Efekt końcowy mnie zaskoczył. Krem jest mocno czekoladowy, wyraźnie czuć czekoladę deserową, natomiast aromat mięty napływa dopiero po chwili, ulotny, pozostawia miłe uczucie rześkości na języku. Dla mnie bomba. "Happy birthday to me, happy birthday to me..." .
Polecam!
Składniki na biszkopt:
- 5 jajek
- 160 g drobnego cukru do wypieków
- 120 g mąki pszennej
- 3 łyżeczki kakao
- 40 g mąki ziemniaczanej
Składniki na krem:
- 400 ml śmietanki kremówki
- 750 g serka mascarpone
- 50 g cukru pudru
- 200 g gorzkiej czekolady
- 5 kropli aromatu miętowego
Do nasączenia blatów:
- 5 łyżek rumu lub brandy
- 3 łyżki cukru
- 2 łyżki syropu miętowego lub 6-7 kropli aromatu miętowego
Dekoracja:
- 60 g masła
- 100 g czekolady mlecznej
- 2 łyżki wody
- 100 g masy marcepanowej
- 30 g cukru pudru
- kilka kropel zielonego barwnika spożywczego
- kwiatki cukrowe do przybrania
Biszkopt:
Białka oddzielić od żółtek, ubić na sztywną pianę. Pod koniec ubijania stopniowo dodawać cukier, dalej ubijając. Dodawać po kolei żółtka, nadal ubijając. Mąki i kakao wymieszać, przesiać i delikatnie wmieszać do ciasta.
Tortownicę o średnicy 26 cm wyłożyć papierem do pieczenia. Boków formy niczym nie smarować, papierem wyłożyć tylko dno. Wyłożyć ciasto. Piec w temperaturze 160 - 170?C około 30 - 40 minut (lub dłużej, do tzw. suchego patyczka).
Gorące ciasto wyjąć z piekarnika, z wysokości około 60 cm opuścić je (w formie) na podłogę. Odstawić do uchylonego piekarnika do ostygnięcia.

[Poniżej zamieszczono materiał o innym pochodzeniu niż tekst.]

(* Let $q>1$ and let $\rho$ be a positive $2\pi$-periodic $C^2$ function with $(\ln\rho)''(t)<\sqrt{q}/(1+\sqrt{q})$ for all $t$. For $\eta\in\mathbb{S}^1$ and $j,l\in\{1,2\}$ let $\mathcal{T}_{j,l}\eta$ be defined as follows: with $\eta_l=(-1)^{l-1}\eta$, $\theta_q=\arccos(1/\sqrt{q})$ and $h(\theta)=\frac{\sqrt{q}\sin\theta}{\sqrt{q}\cos\theta+1}$, the equation $(\ln\rho)'(\theta)=h(\theta-\theta_{\eta_l})$ has exactly two solutions $\theta\in\mathbb{R}/(2\pi\mathbb{Z})$; $\mathcal{T}_{1,l}\eta$ is the one with $\theta-\theta_{\eta_l}\in(\theta_q-\pi,\pi-\theta_q)$ and $\mathcal{T}_{2,l}\eta$ the one with $\theta-\theta_{\eta_l}\in(\pi-\theta_q,\pi+\theta_q)$ (mod $2\pi$). Then for each $\eta\in\mathbb{S}^1$ and each $l\in\{1,2\}$ (with $l+1$ taken in $\{1,2\}$ modulo $2$), $$\operatorname{sgn}\rho'(\mathcal{T}_{1,l}\eta)=(-1)^{l-1}\operatorname{sgn}\sin(\mathcal{T}_{1,l}\eta-\theta_\eta)=(-1)^{l-1}\operatorname{sgn}\sin(\mathcal{T}_{2,l+1}\eta-\theta_\eta)=\operatorname{sgn}\rho'(\mathcal{T}_{2,l+1}\eta).$$ Moreover, for each $l\in\{1,2\}$ and every $\eta\in\mathbb{S}^1$ with $\rho'(\theta_{\eta_l})\neq0$, one has $0<|\mathcal{T}_{2,l+1}\eta-\theta_{\eta_l}|<|\mathcal{T}_{1,l}\eta-\theta_{\eta_l}|<\pi-\theta_q$, and $$\rho(\mathcal{T}_{2,l+1}\eta)<\rho(\mathcal{T}_{1,l}\eta)\quad\text{and}\quad 0<|\sin(\mathcal{T}_{2,l+1}\eta-\theta_\eta)|<|\sin(\mathcal{T}_{1,l}\eta-\theta_\eta)|.$$
   Context: We identify $\mathbb{S}^1$ with $\mathbb{R}/(2\pi\mathbb{Z})$ via $\theta\mapsto(\cos\theta,\sin\theta)^T$; $\theta_\eta$ denotes the angular coordinate of $\eta$. Differences of angles such as $\mathcal{T}_{1,l}\eta-\theta_{\eta_l}$ and $\mathcal{T}_{2,l+1}\eta-\theta_{\eta_l}$ are taken as their representatives in $(-\pi,\pi]$ (so the first lies in $(\theta_q-\pi,\pi-\theta_q)$ and the second in $(-\theta_q,\theta_q)$). *)

From Stdlib Require Import Reals Lra.
From Coquelicot Require Import Coquelicot.
Open Scope R_scope.

Definition theta_q (q : R) : R := acos (/ sqrt q).

Definition hfun (q th : R) : R := sqrt q * sin th / (sqrt q * cos th + 1).

Definition sgn (x : R) : R :=
  if Rlt_dec 0 x then 1 else if Rlt_dec x 0 then -1 else 0.

Definition congr2pi (x y : R) : Prop := exists k : Z, x = y + 2 * PI * IZR k.

Definition angrep (x d : R) : Prop := - PI < d <= PI /\ congr2pi x d.

(* eta in S^1 is given by its angular coordinate th_eta (any real
   representative).  eta_l = (-1)^(l-1) eta has angle th_eta + (l-1) pi. *)
Definition eta_ang (th_eta : R) (l : nat) : R := th_eta + INR (l - 1) * PI.

Definition lnext (l : nat) : nat := if Nat.eqb l 1 then 2%nat else 1%nat.

Definition dlnrho (rho : R -> R) (t : R) : R := Derive (fun s => ln (rho s)) t.

Definition in_Tint (q : R) (j : nat) (x : R) : Prop :=
  if Nat.eqb j 1 then theta_q q - PI < x < PI - theta_q q
  else PI - theta_q q < x < PI + theta_q q.

Definition isT (q : R) (rho : R -> R) (th_eta : R) (j l : nat) (T : R) : Prop :=
  dlnrho rho T = hfun q (T - eta_ang th_eta l) /\
  exists k : Z, in_Tint q j (T - eta_ang th_eta l + 2 * PI * IZR k).

From Stdlib Require Import Reals Lra Lia ZArith.
From Coquelicot Require Import Coquelicot.
Open Scope R_scope.

(* Write [F = (ln rho)'], [s = sqrt q] and [alpha = theta_(eta_l)].  Near [alpha]
   the defining equation reads [b_j (phi) = F (alpha + phi)], where
   [b_1 (phi) = h (phi) = s sin phi / (s cos phi + 1)] on [|phi| < pi - theta_q] and,
   since [theta_(eta_(l+1)) = alpha + pi], [b_2 (phi) = h (phi + pi)
   = s sin phi / (s cos phi - 1)] on [|phi| < theta_q].  On these windows the
   denominators are positive and [b_j' >= s / (1 + s) > F'], so
   [phi |-> b_j (phi) - F (alpha + phi)] is strictly increasing and changes sign:
   [T_(1,l)] and [T_(2,l+1)] are [alpha + p_1] and [alpha + p_2] for its unique zeros.
   Its value at [0] is [- F alpha], so [p_1], [p_2], [sin p_1], [sin p_2] and
   [rho' (T_j)] all have the sign of [F alpha].  If [F alpha > 0], then
   [b_1 < b_2] on [(0, theta_q)] forces [0 < p_2 < p_1], and [F > 0] on
   [[alpha, alpha + p_1]], whence [rho (alpha + p_2) < rho (alpha + p_1)]; the case
   [F alpha < 0] follows by the reflection [t |-> 2 alpha - t]. *)

Lemma periodic_IZR (g : R -> R) :
  (forall t, g (t + 2 * PI) = g t) -> forall t k, g (t + 2 * PI * IZR k) = g t.
Proof.
  intros hg.
  assert (hnat : forall (n : nat) t, g (t + 2 * PI * INR n) = g t).
  { induction n as [|n IH]; intros t.
    - now rewrite Rmult_0_r, Rplus_0_r.
    - rewrite S_INR, <- (IH t), <- (hg (t + 2 * PI * INR n)). f_equal; ring. }
  intros t [|p|p].
  - now rewrite Rmult_0_r, Rplus_0_r.
  - rewrite <- (positive_nat_Z p), <- INR_IZR_INZ. apply hnat.
  - rewrite <- (hnat (Pos.to_nat p) (t + 2 * PI * IZR (Z.neg p))). f_equal.
    rewrite INR_IZR_INZ, positive_nat_Z, <- Pos2Z.opp_pos, opp_IZR. ring.
Qed.

Lemma Derive_periodic (g : R -> R) :
  (forall t, ex_derive g t) -> (forall t, g (t + 2 * PI) = g t) ->
  forall t, Derive g (t + 2 * PI) = Derive g t.
Proof.
  intros hd hg t. symmetry.
  apply is_derive_unique, (is_derive_ext (fun x => g (x + 2 * PI))); auto.
  auto_derive; auto. apply Rmult_1_l.
Qed.

Lemma sgn_eq (x y : R) : (0 < x <-> 0 < y) -> (x < 0 <-> y < 0) -> sgn x = sgn y.
Proof.
  intros [] []. unfold sgn.
  destruct (Rlt_dec 0 x), (Rlt_dec 0 y), (Rlt_dec x 0), (Rlt_dec y 0);
    intuition lra.
Qed.

Lemma sgn_mul_pos (a x : R) : 0 < a -> sgn (a * x) = sgn x.
Proof. intros ha. apply sgn_eq; split; intros; nra. Qed.

Lemma sgn_opp (x : R) : sgn (- x) = - sgn x.
Proof.
  unfold sgn. destruct (Rlt_dec 0 (- x)), (Rlt_dec 0 x), (Rlt_dec (- x) 0), (Rlt_dec x 0);
    lra.
Qed.

Lemma unit_mul_sgn (e x : R) : e = 1 \/ e = -1 -> e * sgn (e * x) = sgn x.
Proof.
  intros [-> | ->].
  - now rewrite !Rmult_1_l.
  - replace (-1 * x) with (- x) by ring. rewrite sgn_opp. ring.
Qed.

Lemma sgn_sin (x : R) : - PI < x < PI -> sgn (sin x) = sgn x.
Proof.
  intros hx. apply sgn_eq; split; intros h.
  - apply Rnot_le_lt; intros h'.
    destruct (Rle_lt_or_eq_dec _ _ h') as [h'' | ->]; [|rewrite sin_0 in h; lra].
    pose proof (sin_lt_0_var x); lra.
  - apply sin_gt_0; lra.
  - apply Rnot_le_lt; intros h'. pose proof (sin_ge_0 x); lra.
  - apply sin_lt_0_var; lra.
Qed.

Lemma Rabs_unit_mul (e x : R) : e = 1 \/ e = -1 -> Rabs (e * x) = Rabs x.
Proof.
  intros he. rewrite Rabs_mult.
  destruct he as [-> | ->]; [rewrite Rabs_R1 | rewrite Rabs_left by lra]; ring.
Qed.

Lemma Rabs_sin (x : R) : - PI < x < PI -> Rabs (sin x) = sin (Rabs x).
Proof.
  intros hx. destruct (Rle_or_lt 0 x).
  - rewrite !Rabs_right; try apply Rle_ge, sin_ge_0; lra.
  - rewrite !Rabs_left, sin_neg; try apply sin_lt_0_var; lra.
Qed.

Lemma sqrt_gt_1 (x : R) : 1 < x -> 1 < sqrt x.
Proof. intros hx. rewrite <- sqrt_1. apply sqrt_lt_1; lra. Qed.

Definition branch (q b phi : R) : R := sqrt q * sin phi / (sqrt q * cos phi + b).

Definition gap (q b : R) (F : R -> R) (alpha phi : R) : R := branch q b phi - F (alpha + phi).

(* With [u = b cos phi] the right-hand side is the derivative of [branch q b];
   its minimum, attained at [u = 1], is the constant of the hypothesis on [(ln rho)'']. *)
Lemma branch_slope_ge (s u : R) :
  1 < s -> -1 <= u <= 1 -> s * u + 1 <> 0 ->
  s / (1 + s) <= s * (s + u) / (s * u + 1) ^ 2.
Proof.
  intros hs hu hd.
  assert (hd2 : 0 < (s * u + 1) ^ 2) by (apply pow2_gt_0; exact hd).
  assert (key : 0 <= (s + u) * (1 + s) - (s * u + 1) ^ 2).
  { replace ((s + u) * (1 + s) - (s * u + 1) ^ 2)
      with ((1 - u) * (s * s * (1 + u) + s - 1)) by ring.
    apply Rmult_le_pos; nra. }
  apply Rmult_le_reg_r with ((1 + s) * (s * u + 1) ^ 2); [nra|].
  unfold Rdiv. field_simplify; nra.
Qed.

Section Branch.

Variables (q b m : R).
Hypothesis hq : 1 < q.
Hypothesis hb : b = 1 \/ b = -1.
Hypothesis hm : 0 < m < PI.
Hypothesis hbm : sqrt q * cos m + b = 0.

Całkowicie wystudzić. Przekroić na 3 blaty.
Krem:
Śmietankę ubić na sztywno, dodać cukier puder i dalej ubijać. Stopniowo dodawać serek mascarpone, nadal ubijając. Odłożyć kilka łyżek masy na bok, do dekoracji.
Czekoladę rozpuścić w kąpieli wodnej, ostudzić do temperatury jak najbliższej temperaturze bitej śmietany. Dodawać po łyżce, cały czas ubijając. Na koniec dolać kilka kropel aromatu miętowego i wszystko dokładnie wymieszać.
Wykonanie tortu:
Wszystkie składniki zalewy do nasączania blatów dokładnie wymieszać.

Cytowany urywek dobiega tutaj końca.